Suppose $x \in R^+$ and we want to prove the implication $x < 0 \Rightarrow P(x)$, where $P(x)$ is some statement of $x$.
How should one tackle this situtation ?
Normally one should prove the implication in the case that the antecedent is false and in the case that the antecedent is true, where the false case follows (is true) by definition.
Should one prove the implication in the case $x < 0$ (antecedent is true) even thus $x \in R^+$, or is the case optional (we can just say the truth case will never happen ?).
More generally suppose we don't know whether $P(x)$ can be true for any $x$, and we want to prove $P(x) \Rightarrow Q(x)$.
Is it then O.K to assume $P(x)$ is true if it is false for all values of $x$ ? Should one prove the implication for $P(x)$ assumed to be true in order to prove the implication ?
Since $x\in \mathbb R^+$, $$x \lt 0 \rightarrow P(x)$$ is always true, because an implication is always true when the antecedent if false.

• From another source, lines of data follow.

(* If a closed properly convex domain $\Omega\subset\mathbb{RP}^n$ is preserved by a linear flow $\Phi$, then $\Omega$ is reducible and $\Phi$ is hyperbolic.
   Context: $\Omega$ is properly convex if its closure is a compact convex subset of some affine chart. A properly convex set $\Omega$ is reducible if there are disjoint proper projective subspaces $\mathbb{RP}^a,\mathbb{RP}^b\subsetneq\mathbb{RP}^n$ such that every point of $\Omega$ lies on a line segment in $\Omega$ with one endpoint in $\mathbb{RP}^a\cap\mathrm{cl}\,\Omega$ and the other in $\mathbb{RP}^b\cap\mathrm{cl}\,\Omega$. A linear flow is an injective homomorphism $\Phi:\mathbb{R}\to\mathrm{PGL}(n+1,\mathbb{R})$ such that the orbit of every point is a proper subset of a projective line. It is hyperbolic if, after reparameterizing by an isomorphism of $\mathbb{R}$, there is a decomposition $\mathbb{R}^{n+1}=A\oplus B$ with $\Phi_t[a+b]=[a+e^tb]$ for $a\in A$, $b\in B$. *)

From HB Require Import structures.
From mathcomp Require Import all_boot all_order all_algebra.
From mathcomp Require Import all_classical all_reals all_analysis.
Set Implicit Arguments. Unset Strict Implicit. Unset Printing Implicit Defensive.
Import Order.TTheory GRing.Theory Num.Theory.
Import numFieldNormedType.Exports.
Local Open Scope classical_set_scope.
Local Open Scope ring_scope.

(* The projective space RP^n is P(R^(n+1)), with R^(n+1) = 'rV[R]_(n.+1)
   (row vectors).  A point of RP^n is the class [v] of a nonzero vector v.
   A subset X of RP^n is represented by its lift: the predicate on vectors
   "v <> 0 /\ [v] in X".  All predicates on projective sets below are stated
   for such lifts (scale-invariant sets of nonzero vectors). *)

Section Proj.
Variables (R : realType) (n : nat).
Local Notation V := 'rV[R]_(n.+1).

Definition proj_eq (u v : V) : Prop :=
  u != 0 /\ exists c : R, c != 0 /\ v = c *: u.

Definition proj_set (X : set V) : Prop :=
  (forall v, X v -> v != 0) /\
  (forall v (c : R), X v -> c != 0 -> X (c *: v)).

(* Closure in RP^n.  The quotient map V\{0} -> RP^n is open, so the preimage
   of the closure is the closure (in V\{0}) of the preimage. *)
Definition pclosure (X : set V) : set V :=
  fun v => v != 0 /\ closure X v.

Definition pclosed (X : set V) : Prop := pclosure X = X.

Remember that the only situation in which an implication $a \rightarrow b$ is false is when $a$ (antecedent) is true AND $b$ (consequent) is false. If needed, refer to the truth-table for $\rightarrow$:
Can you see that the only way an implication $a \rightarrow b$ can be false is if $a$ is true, and $b$ is false?

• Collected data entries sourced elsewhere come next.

Definition tables j M :=
  [/\ mem_table M B (lo_min (take j A1)) nb,
      mem_table M (B + nb) (lo_min (take (j - n1) A2)) nb,
      mem_table M (B + (nb + nb)) (hi_min (take j A1)) nb &
      mem_table M (B + (nb + nb) + nb) (hi_min (take (j - n1) A2)) nb].

Definition bucket_inv j s := exists x10 x11 x12 x13 x15 x20 x21 x22 x25 M,
  [/\ s = St 31 (regfile (regs_at x10 x11 x12 x13 x15 x20 x21 x22 x25)) M,
      regs_bounded W (regs_at x10 x11 x12 x13 x15 x20 x21 x22 x25), mem_bounded W M,
      x10 = 4 + j /\ x15 = B &
      (forall x, x < B -> M x = M0 x) /\ tables j M].

Lemma fill_step_spec j s : j < nb + nb + (nb + nb) -> fill_inv j s ->
  reaches W T approx_prog s (fun c s' => c <= 5 /\ fill_inv j.+1 s').
Proof.
move=> Hj [x10 [x11 [x12 [x13 [x15 [x20 [x21 [x22 [x25 [M
   [-> HL HM [E10 E15] HMv]]]]]]]]]]]; subst x10 x15; rewrite /regs_at in HL *.
run_step; branch 20 true; do 4 run_step.
apply: reaches_now; split=> //.
do 10 eexists; split; [reflexivity | exact: HL | exact: HM | split; lia | ].
move=> x; rewrite /upd HMv; case: (eqVneq x (B + j)) => [->|ne].
- by rewrite (_ : B <= B + j < B + j.+1) //; apply/andP; split; lia.
- rewrite (_ : (B <= x < B + j.+1) = (B <= x < B + j)) //.
  by apply/idP/idP => /andP [h1 h2]; apply/andP; split; lia.
Qed.

Lemma fill_exit_spec s : fill_inv (nb + nb + (nb + nb)) s ->
  reaches W T approx_prog s (fun c s' => c <= 4 /\ bucket_inv 0 s').
Proof.
move=> [x10 [x11 [x12 [x13 [x15 [x20 [x21 [x22 [x25 [M
   [-> HL HM [E10 E15] HMv]]]]]]]]]]]; subst x10 x15; rewrite /regs_at in HL *.
run_step; branch 20 false; do 3 run_step.
apply: reaches_now; split=> //.
do 10 eexists; split; [reflexivity | exact: HL | exact: HM | split; lia | split].
- by move=> x Hx; rewrite HMv (_ : B <= x = false) //; lia.
- by rewrite /tables take0 sub0n take0; split=> i Hi; rewrite HMv; case: ifP => //; lia.
Qed.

Since in our case, the antecedent $x \lt 0$ is false, it doesn't matter what $P(x)$ is, the implication as a whole doesn't meet the conditions of falsehood, so is thereby true.
In general:
$P(x)\rightarrow Q(x)$ (the implication as a whole) is certainly true if $P(x)$ is false for all values of $x$ in the domain, and this holds regardless of the truth value of $Q(x)$